- _EXERCISE DETAILS_
Could you write out the lines below exactly, beginning with the first and finishing with the one that contains "Then for every"?

- _SOURCE INFORMATION_
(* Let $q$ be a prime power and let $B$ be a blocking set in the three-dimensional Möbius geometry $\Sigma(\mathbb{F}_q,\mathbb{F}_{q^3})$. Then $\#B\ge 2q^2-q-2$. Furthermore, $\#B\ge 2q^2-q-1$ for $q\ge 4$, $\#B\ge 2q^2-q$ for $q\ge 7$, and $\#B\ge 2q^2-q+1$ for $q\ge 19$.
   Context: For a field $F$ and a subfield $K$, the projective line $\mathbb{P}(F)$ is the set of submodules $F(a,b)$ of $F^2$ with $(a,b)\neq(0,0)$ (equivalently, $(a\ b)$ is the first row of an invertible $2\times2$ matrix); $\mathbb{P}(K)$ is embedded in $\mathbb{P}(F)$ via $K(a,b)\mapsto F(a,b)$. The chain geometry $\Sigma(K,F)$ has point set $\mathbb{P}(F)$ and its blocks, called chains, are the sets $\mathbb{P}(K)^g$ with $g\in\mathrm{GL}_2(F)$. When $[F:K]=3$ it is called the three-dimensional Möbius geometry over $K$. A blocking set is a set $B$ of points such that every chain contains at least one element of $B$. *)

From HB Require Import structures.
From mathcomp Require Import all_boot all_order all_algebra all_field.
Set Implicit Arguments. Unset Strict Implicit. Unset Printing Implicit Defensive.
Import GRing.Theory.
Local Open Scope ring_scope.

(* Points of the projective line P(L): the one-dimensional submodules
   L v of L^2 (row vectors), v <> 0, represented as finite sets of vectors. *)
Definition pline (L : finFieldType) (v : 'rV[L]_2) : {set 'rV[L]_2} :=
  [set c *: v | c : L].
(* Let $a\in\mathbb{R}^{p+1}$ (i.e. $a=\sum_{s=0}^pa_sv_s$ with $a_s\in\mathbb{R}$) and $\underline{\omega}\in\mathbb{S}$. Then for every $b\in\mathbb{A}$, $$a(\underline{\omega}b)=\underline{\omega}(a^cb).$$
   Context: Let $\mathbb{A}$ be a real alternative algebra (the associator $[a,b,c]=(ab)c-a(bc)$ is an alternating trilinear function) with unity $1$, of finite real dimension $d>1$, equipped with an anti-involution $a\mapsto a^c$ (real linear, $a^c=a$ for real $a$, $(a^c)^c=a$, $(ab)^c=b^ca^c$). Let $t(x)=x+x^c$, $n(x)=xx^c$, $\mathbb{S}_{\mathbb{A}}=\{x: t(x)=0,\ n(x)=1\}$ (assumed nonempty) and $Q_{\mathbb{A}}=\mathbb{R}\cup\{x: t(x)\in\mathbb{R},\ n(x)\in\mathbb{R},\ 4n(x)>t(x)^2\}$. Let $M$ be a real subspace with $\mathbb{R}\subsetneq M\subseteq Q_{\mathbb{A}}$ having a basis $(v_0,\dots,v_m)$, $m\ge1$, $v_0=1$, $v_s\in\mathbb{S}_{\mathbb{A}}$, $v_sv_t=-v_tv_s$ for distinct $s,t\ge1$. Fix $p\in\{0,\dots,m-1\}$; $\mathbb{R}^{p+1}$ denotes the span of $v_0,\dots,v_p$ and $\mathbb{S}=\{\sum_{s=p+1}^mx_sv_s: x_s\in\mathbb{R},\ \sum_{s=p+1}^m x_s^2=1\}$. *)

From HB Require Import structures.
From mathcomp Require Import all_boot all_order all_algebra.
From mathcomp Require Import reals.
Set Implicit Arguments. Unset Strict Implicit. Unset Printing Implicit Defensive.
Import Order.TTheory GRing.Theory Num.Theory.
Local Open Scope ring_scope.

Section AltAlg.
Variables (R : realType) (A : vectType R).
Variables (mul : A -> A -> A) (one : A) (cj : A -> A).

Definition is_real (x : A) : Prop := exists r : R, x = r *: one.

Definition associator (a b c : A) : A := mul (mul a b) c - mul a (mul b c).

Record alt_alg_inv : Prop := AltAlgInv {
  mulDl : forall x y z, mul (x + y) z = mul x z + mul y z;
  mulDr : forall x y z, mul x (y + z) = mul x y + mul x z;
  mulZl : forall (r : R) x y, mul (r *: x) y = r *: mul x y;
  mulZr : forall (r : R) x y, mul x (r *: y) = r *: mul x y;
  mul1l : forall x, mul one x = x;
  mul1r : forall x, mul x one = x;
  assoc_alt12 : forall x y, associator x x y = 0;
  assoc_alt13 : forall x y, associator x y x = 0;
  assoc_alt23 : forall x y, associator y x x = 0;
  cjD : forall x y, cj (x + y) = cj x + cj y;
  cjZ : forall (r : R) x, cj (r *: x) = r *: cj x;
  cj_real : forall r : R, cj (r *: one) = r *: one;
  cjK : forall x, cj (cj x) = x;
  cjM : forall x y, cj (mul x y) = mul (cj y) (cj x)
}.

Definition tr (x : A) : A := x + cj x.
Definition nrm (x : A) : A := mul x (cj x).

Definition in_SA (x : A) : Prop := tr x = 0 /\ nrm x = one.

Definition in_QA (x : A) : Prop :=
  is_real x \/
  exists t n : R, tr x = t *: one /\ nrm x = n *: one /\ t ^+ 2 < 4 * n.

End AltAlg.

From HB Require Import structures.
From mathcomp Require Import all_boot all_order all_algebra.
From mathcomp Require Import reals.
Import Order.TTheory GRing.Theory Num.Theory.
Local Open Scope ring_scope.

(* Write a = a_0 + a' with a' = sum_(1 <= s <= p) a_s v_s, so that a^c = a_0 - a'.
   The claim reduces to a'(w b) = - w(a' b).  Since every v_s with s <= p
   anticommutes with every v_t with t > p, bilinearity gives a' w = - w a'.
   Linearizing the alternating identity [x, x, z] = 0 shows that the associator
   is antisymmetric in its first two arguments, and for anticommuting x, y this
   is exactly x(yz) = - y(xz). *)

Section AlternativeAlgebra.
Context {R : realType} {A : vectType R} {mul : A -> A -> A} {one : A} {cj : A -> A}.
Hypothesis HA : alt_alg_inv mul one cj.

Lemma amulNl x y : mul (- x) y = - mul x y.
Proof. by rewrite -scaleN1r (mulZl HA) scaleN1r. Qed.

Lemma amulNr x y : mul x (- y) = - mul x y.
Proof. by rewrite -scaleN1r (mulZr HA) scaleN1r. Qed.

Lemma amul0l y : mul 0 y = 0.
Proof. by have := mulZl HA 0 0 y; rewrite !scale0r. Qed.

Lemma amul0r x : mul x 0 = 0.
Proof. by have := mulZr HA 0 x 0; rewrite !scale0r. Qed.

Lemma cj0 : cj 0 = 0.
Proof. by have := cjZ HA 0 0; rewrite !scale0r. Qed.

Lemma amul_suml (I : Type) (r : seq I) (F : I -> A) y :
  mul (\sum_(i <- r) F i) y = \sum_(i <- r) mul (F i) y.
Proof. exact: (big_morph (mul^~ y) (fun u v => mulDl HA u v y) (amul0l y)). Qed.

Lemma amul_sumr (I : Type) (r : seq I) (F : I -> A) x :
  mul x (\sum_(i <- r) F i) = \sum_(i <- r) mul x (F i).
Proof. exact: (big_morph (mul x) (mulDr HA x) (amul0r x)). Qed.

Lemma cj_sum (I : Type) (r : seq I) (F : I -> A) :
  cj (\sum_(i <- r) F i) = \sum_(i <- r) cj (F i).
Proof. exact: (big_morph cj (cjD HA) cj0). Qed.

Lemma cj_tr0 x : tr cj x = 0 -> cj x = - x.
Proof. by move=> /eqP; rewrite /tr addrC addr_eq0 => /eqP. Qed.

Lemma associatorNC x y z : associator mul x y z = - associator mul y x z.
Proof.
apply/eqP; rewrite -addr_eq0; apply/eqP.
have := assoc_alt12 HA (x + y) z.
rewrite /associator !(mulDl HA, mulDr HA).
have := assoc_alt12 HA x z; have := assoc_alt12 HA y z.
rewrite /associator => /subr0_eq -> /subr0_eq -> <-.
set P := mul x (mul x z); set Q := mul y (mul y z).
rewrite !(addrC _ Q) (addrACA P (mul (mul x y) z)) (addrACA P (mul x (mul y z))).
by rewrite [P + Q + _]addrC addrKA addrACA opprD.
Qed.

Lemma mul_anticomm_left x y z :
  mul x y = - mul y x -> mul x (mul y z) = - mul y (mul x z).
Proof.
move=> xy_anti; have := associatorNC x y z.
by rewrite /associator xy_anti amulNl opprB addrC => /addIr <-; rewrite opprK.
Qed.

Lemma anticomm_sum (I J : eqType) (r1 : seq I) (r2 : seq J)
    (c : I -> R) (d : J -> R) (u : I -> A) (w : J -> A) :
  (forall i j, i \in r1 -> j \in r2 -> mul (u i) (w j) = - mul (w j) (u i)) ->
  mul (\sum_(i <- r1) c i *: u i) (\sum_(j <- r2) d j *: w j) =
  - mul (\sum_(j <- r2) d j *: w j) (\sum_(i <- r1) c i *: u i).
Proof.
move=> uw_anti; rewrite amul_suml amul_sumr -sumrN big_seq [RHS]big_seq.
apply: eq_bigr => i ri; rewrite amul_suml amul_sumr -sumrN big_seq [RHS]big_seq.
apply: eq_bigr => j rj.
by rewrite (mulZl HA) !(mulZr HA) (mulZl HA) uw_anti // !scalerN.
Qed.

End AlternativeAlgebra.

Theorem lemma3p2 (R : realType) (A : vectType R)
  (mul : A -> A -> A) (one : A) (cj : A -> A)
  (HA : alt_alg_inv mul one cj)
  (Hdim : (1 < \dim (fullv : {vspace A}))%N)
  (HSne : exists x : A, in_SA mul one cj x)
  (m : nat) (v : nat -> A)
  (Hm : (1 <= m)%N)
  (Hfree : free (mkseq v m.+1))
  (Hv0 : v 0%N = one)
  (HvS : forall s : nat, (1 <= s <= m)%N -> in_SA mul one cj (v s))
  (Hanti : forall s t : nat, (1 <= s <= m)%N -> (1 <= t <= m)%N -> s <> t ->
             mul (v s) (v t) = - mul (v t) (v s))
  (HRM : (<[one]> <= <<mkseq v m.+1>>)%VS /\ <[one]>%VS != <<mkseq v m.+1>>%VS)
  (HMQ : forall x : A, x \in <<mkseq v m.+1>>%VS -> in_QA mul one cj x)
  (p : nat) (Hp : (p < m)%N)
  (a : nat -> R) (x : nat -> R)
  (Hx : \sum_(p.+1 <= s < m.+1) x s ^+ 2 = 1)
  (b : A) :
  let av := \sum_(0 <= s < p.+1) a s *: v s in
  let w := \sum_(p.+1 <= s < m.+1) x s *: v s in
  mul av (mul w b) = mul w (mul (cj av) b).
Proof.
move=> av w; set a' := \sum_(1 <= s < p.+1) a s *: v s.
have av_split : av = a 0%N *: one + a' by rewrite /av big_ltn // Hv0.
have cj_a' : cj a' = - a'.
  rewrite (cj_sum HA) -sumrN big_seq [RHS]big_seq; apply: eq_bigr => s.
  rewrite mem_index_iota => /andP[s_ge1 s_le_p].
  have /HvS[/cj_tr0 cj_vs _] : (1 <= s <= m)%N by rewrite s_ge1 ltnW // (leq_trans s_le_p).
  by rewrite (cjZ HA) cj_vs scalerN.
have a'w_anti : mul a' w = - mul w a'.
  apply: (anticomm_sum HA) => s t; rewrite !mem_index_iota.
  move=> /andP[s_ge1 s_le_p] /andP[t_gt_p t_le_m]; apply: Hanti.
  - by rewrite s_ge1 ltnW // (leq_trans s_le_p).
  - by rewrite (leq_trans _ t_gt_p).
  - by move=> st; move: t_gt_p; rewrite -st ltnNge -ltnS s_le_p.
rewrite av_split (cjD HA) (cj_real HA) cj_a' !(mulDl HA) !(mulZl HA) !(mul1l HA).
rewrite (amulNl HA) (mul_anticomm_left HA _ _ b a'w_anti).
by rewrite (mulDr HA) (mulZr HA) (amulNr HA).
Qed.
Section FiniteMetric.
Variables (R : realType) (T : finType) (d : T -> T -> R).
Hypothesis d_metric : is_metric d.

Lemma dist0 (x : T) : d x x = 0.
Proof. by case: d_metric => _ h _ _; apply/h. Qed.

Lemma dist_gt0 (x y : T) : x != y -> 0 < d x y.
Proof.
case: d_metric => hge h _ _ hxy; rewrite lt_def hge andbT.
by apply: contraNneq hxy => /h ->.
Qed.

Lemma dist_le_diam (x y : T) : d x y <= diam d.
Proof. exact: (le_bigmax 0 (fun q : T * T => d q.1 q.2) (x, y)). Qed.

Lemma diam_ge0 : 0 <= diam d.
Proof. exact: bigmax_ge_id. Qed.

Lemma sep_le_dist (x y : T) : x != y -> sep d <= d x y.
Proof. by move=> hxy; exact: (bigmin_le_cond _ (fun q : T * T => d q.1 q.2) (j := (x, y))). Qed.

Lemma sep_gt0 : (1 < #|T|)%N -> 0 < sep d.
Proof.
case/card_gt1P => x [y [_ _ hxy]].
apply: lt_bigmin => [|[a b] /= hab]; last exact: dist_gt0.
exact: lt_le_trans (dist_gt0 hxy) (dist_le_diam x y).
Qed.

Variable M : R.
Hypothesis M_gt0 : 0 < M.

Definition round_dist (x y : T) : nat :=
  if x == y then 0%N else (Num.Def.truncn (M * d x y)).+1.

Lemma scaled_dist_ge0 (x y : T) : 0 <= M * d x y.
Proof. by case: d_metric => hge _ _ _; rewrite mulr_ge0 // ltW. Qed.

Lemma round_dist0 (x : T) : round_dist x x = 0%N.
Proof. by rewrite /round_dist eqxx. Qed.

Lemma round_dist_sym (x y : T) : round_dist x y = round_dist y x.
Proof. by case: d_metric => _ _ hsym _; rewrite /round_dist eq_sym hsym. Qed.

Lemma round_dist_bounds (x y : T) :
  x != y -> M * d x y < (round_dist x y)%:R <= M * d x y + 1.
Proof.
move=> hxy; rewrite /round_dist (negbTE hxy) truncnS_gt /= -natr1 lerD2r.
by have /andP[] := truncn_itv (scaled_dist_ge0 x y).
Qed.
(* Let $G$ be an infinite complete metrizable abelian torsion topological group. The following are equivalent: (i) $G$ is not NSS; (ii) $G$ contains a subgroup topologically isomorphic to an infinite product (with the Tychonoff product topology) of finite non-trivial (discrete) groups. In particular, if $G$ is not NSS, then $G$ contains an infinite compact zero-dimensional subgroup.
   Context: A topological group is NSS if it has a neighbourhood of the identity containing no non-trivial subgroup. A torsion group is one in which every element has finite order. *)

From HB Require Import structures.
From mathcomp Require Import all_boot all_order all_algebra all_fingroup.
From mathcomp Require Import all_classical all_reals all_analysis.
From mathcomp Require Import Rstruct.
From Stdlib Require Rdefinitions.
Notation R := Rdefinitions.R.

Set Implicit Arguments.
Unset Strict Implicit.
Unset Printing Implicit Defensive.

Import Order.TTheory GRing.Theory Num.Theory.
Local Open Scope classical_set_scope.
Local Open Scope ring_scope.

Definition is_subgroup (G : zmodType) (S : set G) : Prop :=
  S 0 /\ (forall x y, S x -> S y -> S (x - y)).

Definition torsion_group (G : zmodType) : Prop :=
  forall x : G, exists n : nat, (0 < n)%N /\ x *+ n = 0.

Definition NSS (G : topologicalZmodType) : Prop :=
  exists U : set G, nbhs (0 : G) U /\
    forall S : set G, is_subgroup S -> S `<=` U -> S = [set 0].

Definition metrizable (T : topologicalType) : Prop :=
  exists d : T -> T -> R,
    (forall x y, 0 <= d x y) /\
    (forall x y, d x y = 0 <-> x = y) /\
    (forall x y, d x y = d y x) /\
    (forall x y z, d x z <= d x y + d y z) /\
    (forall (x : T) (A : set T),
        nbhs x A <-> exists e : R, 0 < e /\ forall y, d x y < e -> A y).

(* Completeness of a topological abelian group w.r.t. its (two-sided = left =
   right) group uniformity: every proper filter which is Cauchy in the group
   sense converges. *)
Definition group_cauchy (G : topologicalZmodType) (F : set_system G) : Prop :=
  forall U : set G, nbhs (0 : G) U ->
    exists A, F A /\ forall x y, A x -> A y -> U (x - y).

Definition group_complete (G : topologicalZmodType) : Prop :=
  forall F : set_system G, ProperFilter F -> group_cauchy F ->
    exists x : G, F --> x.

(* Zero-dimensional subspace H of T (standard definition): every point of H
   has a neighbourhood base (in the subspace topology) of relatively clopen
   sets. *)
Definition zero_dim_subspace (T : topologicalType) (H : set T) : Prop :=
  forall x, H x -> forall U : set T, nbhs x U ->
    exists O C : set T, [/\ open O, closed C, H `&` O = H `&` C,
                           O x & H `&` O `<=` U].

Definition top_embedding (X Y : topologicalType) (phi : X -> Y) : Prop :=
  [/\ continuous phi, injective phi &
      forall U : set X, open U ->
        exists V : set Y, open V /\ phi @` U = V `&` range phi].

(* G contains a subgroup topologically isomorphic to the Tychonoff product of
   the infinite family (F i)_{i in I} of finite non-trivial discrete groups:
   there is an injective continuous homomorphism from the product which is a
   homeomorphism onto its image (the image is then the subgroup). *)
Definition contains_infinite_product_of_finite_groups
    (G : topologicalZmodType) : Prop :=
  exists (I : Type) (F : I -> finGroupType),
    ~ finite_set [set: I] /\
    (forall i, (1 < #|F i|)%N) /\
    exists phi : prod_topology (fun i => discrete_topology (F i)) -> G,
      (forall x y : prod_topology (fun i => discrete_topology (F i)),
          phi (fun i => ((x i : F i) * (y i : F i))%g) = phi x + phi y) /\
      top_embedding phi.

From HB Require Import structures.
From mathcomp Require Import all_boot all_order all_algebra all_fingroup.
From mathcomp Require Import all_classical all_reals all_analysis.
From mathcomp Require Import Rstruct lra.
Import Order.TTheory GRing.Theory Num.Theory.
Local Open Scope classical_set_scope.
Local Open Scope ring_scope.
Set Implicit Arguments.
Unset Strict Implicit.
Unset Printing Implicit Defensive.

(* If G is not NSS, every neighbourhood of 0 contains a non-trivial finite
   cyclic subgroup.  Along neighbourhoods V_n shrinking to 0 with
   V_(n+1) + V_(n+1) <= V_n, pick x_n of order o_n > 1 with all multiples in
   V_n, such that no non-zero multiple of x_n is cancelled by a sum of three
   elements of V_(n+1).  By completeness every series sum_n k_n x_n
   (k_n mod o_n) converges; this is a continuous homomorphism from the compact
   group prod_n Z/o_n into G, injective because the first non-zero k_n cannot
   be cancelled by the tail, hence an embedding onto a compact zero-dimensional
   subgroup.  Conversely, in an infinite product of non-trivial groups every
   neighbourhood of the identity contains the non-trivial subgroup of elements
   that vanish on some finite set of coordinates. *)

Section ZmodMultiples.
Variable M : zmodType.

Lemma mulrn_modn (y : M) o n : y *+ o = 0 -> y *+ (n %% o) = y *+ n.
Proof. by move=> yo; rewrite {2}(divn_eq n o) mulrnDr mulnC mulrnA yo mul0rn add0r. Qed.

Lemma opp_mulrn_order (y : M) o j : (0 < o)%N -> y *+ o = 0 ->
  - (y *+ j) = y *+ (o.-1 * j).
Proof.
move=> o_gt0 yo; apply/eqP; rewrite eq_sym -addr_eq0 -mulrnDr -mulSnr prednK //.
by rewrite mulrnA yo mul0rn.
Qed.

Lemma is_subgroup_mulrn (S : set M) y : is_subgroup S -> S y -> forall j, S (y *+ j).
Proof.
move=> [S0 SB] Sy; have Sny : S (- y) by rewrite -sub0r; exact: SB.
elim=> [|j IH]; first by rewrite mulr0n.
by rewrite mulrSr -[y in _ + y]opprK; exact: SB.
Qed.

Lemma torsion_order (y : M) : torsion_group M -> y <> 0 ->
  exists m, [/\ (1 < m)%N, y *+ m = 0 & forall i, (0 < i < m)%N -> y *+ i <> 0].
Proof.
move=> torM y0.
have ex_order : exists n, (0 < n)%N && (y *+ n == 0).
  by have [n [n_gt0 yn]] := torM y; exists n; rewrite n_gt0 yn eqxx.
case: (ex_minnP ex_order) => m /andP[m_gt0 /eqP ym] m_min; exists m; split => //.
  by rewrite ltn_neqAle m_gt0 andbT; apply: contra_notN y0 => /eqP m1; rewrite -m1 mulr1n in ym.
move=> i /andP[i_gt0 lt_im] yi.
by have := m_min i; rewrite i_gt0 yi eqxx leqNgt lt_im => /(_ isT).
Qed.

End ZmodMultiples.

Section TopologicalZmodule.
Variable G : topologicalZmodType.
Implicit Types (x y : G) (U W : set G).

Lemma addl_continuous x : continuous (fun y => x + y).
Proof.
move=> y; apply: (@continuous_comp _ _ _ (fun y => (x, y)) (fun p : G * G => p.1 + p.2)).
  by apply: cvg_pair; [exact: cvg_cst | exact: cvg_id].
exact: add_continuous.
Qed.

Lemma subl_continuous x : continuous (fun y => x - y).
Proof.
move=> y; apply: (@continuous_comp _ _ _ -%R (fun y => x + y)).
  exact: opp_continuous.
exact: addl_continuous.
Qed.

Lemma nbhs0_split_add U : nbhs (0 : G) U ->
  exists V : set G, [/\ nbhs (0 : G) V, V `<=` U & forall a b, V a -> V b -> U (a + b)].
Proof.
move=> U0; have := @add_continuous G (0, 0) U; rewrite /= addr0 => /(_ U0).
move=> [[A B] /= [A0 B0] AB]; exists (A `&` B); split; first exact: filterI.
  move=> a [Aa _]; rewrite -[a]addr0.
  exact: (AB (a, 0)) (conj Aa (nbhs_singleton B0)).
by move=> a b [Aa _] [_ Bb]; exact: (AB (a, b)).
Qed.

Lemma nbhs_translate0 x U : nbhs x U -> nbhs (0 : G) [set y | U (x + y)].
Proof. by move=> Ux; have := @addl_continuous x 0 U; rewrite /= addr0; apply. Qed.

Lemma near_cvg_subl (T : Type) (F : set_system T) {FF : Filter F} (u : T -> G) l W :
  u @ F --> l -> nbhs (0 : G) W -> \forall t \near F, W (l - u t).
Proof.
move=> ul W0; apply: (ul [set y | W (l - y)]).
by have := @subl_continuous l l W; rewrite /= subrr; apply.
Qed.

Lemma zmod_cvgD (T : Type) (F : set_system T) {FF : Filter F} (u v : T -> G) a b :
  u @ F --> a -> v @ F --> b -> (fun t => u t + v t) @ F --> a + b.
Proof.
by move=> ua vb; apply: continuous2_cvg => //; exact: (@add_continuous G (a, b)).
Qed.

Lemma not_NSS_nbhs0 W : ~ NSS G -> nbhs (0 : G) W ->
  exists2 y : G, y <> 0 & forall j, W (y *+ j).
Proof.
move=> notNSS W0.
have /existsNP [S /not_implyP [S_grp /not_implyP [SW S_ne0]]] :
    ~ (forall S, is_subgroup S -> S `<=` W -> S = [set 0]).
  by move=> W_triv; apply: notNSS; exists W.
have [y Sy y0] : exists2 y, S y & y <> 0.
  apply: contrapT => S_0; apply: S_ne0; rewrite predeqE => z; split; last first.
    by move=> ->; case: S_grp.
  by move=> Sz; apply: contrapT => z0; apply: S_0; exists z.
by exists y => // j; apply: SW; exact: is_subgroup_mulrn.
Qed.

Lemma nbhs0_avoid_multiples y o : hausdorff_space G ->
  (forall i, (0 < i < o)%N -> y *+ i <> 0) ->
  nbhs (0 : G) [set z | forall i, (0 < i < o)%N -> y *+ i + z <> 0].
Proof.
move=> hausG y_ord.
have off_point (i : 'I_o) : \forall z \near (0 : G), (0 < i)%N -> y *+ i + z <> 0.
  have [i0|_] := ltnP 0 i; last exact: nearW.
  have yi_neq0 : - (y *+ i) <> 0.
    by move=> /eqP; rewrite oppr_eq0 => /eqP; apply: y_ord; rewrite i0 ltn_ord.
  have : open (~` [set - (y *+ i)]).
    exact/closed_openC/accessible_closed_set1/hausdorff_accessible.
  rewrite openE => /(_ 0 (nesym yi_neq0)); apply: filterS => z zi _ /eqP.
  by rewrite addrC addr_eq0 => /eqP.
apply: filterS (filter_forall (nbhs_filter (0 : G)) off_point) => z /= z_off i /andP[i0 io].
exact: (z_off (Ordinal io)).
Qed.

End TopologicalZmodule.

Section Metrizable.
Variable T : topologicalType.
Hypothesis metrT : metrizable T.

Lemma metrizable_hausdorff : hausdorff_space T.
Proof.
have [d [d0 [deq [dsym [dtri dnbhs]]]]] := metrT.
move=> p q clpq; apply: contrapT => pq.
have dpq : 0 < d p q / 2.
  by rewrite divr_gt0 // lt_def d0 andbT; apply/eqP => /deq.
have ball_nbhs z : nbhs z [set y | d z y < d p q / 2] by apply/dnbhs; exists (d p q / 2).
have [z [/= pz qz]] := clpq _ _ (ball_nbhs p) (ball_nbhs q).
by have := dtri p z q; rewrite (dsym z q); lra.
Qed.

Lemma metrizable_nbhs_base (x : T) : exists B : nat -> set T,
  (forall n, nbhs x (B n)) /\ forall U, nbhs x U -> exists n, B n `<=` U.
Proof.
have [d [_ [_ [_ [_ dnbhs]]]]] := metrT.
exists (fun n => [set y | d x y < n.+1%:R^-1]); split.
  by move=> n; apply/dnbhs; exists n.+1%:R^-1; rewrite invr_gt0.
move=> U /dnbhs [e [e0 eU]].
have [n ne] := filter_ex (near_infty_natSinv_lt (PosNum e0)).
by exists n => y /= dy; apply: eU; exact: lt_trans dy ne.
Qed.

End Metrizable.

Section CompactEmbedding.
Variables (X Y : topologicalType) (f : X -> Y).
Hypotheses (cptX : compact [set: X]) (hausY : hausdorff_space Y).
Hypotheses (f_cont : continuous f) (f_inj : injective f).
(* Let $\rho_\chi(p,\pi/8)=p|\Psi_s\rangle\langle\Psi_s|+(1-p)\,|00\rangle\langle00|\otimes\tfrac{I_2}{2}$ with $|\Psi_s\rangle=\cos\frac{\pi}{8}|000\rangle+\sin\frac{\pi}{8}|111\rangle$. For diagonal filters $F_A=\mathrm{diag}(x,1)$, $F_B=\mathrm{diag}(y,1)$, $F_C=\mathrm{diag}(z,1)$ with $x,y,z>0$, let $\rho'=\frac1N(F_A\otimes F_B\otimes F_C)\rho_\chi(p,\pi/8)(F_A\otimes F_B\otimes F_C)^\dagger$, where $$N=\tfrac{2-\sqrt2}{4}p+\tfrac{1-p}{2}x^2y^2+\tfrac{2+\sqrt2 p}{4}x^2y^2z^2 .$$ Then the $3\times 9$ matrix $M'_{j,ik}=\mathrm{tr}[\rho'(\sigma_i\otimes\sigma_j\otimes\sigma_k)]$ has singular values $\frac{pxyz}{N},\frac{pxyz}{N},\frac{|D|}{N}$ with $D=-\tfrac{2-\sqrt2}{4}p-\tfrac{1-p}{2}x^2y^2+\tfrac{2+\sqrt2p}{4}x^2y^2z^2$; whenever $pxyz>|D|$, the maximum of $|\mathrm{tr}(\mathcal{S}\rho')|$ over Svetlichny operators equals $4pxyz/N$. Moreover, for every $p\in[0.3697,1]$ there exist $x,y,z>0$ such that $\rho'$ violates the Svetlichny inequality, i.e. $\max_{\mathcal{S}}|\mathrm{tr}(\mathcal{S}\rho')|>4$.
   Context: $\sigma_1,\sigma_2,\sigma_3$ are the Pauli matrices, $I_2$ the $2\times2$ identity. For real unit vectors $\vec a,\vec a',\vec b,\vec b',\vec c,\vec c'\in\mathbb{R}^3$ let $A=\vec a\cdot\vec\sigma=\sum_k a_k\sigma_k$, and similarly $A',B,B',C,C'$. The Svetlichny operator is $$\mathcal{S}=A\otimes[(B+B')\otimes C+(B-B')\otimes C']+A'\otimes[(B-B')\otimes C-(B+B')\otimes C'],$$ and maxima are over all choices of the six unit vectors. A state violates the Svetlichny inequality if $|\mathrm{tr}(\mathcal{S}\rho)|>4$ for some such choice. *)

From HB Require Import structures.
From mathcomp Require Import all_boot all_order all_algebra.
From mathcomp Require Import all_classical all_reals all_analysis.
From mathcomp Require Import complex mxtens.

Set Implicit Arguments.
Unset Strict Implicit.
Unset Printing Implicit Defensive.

- _ANSWER TO THIS PROBLEM_
(* Let $q$ be a prime power and let $B$ be a blocking set in the three-dimensional Möbius geometry $\Sigma(\mathbb{F}_q,\mathbb{F}_{q^3})$. Then $\#B\ge 2q^2-q-2$. Furthermore, $\#B\ge 2q^2-q-1$ for $q\ge 4$, $\#B\ge 2q^2-q$ for $q\ge 7$, and $\#B\ge 2q^2-q+1$ for $q\ge 19$.
   Context: For a field $F$ and a subfield $K$, the projective line $\mathbb{P}(F)$ is the set of submodules $F(a,b)$ of $F^2$ with $(a,b)\neq(0,0)$ (equivalently, $(a\ b)$ is the first row of an invertible $2\times2$ matrix); $\mathbb{P}(K)$ is embedded in $\mathbb{P}(F)$ via $K(a,b)\mapsto F(a,b)$. The chain geometry $\Sigma(K,F)$ has point set $\mathbb{P}(F)$ and its blocks, called chains, are the sets $\mathbb{P}(K)^g$ with $g\in\mathrm{GL}_2(F)$. When $[F:K]=3$ it is called the three-dimensional Möbius geometry over $K$. A blocking set is a set $B$ of points such that every chain contains at least one element of $B$. *)

From HB Require Import structures.
From mathcomp Require Import all_boot all_order all_algebra all_field.
Set Implicit Arguments. Unset Strict Implicit. Unset Printing Implicit Defensive.
Import GRing.Theory.
Local Open Scope ring_scope.

(* Points of the projective line P(L): the one-dimensional submodules
   L v of L^2 (row vectors), v <> 0, represented as finite sets of vectors. *)
Definition pline (L : finFieldType) (v : 'rV[L]_2) : {set 'rV[L]_2} :=
  [set c *: v | c : L].
(* Let $a\in\mathbb{R}^{p+1}$ (i.e. $a=\sum_{s=0}^pa_sv_s$ with $a_s\in\mathbb{R}$) and $\underline{\omega}\in\mathbb{S}$. Then for every $b\in\mathbb{A}$, $$a(\underline{\omega}b)=\underline{\omega}(a^cb).$$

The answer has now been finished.